For the entries below, repeat exactly each line starting with the one that contains "Lemma sqnorm_pair z" and going on through the one that contains "have := PK z.2;", and no others.

--- ENTRIES SUPPLIED ---

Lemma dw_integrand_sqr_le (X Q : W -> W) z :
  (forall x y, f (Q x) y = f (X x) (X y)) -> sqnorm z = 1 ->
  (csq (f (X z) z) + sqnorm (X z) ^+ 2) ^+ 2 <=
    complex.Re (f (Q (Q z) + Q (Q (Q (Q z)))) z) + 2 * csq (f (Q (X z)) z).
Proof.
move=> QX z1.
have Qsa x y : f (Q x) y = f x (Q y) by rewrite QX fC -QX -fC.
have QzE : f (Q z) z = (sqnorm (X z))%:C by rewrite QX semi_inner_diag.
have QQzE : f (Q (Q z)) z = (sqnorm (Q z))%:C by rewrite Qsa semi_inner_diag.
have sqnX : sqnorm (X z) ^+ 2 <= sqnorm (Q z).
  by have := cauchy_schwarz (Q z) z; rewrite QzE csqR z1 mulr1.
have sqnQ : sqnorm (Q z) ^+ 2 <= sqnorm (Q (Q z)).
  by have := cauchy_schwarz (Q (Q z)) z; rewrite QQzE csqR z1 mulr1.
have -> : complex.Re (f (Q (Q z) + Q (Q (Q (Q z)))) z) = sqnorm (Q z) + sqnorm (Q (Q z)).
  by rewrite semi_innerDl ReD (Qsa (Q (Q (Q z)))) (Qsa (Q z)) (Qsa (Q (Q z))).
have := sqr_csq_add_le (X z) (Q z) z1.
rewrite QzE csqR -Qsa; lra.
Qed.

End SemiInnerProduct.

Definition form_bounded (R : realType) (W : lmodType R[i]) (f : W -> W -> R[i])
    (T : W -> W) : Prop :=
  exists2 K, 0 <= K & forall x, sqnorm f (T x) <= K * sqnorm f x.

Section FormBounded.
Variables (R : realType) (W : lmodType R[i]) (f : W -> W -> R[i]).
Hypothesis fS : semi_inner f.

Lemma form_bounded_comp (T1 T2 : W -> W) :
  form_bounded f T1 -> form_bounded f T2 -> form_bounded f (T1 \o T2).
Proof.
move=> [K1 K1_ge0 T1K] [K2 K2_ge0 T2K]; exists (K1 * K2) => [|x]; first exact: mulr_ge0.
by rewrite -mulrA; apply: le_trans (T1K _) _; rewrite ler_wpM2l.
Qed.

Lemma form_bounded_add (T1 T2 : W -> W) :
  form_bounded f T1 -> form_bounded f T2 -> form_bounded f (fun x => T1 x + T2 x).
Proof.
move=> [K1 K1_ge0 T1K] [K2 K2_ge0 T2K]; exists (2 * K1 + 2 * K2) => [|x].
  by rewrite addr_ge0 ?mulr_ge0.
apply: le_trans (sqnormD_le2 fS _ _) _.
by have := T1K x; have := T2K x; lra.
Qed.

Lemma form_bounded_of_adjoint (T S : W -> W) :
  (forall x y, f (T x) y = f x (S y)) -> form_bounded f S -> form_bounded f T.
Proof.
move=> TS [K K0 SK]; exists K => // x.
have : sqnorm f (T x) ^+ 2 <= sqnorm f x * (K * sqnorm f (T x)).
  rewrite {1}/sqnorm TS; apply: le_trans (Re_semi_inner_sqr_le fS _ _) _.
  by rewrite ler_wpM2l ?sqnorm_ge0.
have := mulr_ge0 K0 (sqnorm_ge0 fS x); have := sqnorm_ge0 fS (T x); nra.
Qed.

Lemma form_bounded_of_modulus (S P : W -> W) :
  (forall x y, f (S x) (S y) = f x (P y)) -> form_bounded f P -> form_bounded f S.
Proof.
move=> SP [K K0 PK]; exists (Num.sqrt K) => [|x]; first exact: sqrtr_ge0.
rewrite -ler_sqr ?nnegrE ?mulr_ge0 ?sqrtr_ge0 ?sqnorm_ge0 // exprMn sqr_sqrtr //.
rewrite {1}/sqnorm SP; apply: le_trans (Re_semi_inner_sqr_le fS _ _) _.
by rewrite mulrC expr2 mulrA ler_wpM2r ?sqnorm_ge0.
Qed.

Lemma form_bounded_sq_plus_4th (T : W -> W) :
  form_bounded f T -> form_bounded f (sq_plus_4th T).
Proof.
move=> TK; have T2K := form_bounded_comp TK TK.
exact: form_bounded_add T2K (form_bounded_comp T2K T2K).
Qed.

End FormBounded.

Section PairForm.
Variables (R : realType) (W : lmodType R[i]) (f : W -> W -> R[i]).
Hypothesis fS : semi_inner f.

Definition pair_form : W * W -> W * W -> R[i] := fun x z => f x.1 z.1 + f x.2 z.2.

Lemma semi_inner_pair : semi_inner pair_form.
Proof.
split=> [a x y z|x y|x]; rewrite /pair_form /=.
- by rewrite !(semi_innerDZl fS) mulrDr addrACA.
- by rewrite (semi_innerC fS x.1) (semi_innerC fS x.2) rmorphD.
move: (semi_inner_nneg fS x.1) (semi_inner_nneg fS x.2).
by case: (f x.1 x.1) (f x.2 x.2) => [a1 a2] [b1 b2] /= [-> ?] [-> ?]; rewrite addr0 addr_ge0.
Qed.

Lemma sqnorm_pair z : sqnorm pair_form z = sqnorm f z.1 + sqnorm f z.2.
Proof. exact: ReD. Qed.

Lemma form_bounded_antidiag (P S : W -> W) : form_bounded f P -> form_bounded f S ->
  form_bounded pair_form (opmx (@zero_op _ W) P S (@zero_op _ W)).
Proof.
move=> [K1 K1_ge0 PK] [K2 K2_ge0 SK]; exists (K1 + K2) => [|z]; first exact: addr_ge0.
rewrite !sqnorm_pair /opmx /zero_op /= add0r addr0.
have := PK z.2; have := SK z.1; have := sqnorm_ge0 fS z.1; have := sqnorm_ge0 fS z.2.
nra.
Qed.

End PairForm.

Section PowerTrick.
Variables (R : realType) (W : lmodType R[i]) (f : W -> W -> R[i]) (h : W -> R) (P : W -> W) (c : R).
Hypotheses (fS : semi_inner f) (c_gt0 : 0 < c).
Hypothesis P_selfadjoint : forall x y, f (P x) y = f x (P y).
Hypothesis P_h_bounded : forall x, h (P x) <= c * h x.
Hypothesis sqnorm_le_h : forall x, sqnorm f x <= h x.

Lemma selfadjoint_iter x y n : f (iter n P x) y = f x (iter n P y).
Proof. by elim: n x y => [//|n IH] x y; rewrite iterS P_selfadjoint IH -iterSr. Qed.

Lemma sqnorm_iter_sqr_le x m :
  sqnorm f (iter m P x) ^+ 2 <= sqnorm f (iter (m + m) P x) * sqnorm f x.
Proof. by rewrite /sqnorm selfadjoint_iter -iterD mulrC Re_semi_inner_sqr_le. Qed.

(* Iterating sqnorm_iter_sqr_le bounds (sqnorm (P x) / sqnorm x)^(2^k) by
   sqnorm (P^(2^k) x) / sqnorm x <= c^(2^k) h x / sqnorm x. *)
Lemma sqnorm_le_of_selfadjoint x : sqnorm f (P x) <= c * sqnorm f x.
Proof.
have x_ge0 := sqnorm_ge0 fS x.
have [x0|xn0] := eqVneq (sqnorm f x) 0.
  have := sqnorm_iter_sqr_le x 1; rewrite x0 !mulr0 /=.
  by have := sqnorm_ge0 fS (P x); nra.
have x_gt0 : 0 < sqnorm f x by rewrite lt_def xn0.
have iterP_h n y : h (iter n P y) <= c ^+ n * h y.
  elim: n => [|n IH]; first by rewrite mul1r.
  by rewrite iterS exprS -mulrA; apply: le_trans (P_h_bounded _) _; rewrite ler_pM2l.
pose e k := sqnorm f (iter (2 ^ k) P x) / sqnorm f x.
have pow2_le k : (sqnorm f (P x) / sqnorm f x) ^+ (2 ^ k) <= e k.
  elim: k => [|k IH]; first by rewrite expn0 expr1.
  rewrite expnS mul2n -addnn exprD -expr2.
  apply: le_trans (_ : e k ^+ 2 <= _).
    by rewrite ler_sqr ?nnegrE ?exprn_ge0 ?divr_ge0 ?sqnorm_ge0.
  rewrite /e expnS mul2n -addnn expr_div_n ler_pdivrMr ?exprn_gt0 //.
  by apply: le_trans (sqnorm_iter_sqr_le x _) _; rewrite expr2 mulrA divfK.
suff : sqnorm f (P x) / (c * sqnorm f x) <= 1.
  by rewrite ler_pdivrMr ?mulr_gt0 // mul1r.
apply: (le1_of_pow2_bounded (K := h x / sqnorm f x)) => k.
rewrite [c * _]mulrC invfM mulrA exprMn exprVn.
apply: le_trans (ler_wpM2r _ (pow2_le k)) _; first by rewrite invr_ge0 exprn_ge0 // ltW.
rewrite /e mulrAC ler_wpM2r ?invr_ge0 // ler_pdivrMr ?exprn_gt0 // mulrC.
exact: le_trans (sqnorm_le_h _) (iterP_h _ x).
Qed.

---

_RESULT FOR THIS TASK_
Lemma sqnorm_pair z : sqnorm pair_form z = sqnorm f z.1 + sqnorm f z.2.
Proof. exact: ReD. Qed.

Lemma form_bounded_antidiag (P S : W -> W) : form_bounded f P -> form_bounded f S ->
  form_bounded pair_form (opmx (@zero_op _ W) P S (@zero_op _ W)).
Proof.
move=> [K1 K1_ge0 PK] [K2 K2_ge0 SK]; exists (K1 + K2) => [|z]; first exact: addr_ge0.
rewrite !sqnorm_pair /opmx /zero_op /= add0r addr0.
have := PK z.2; have := SK z.1; have := sqnorm_ge0 fS z.1; have := sqnorm_ge0 fS z.2.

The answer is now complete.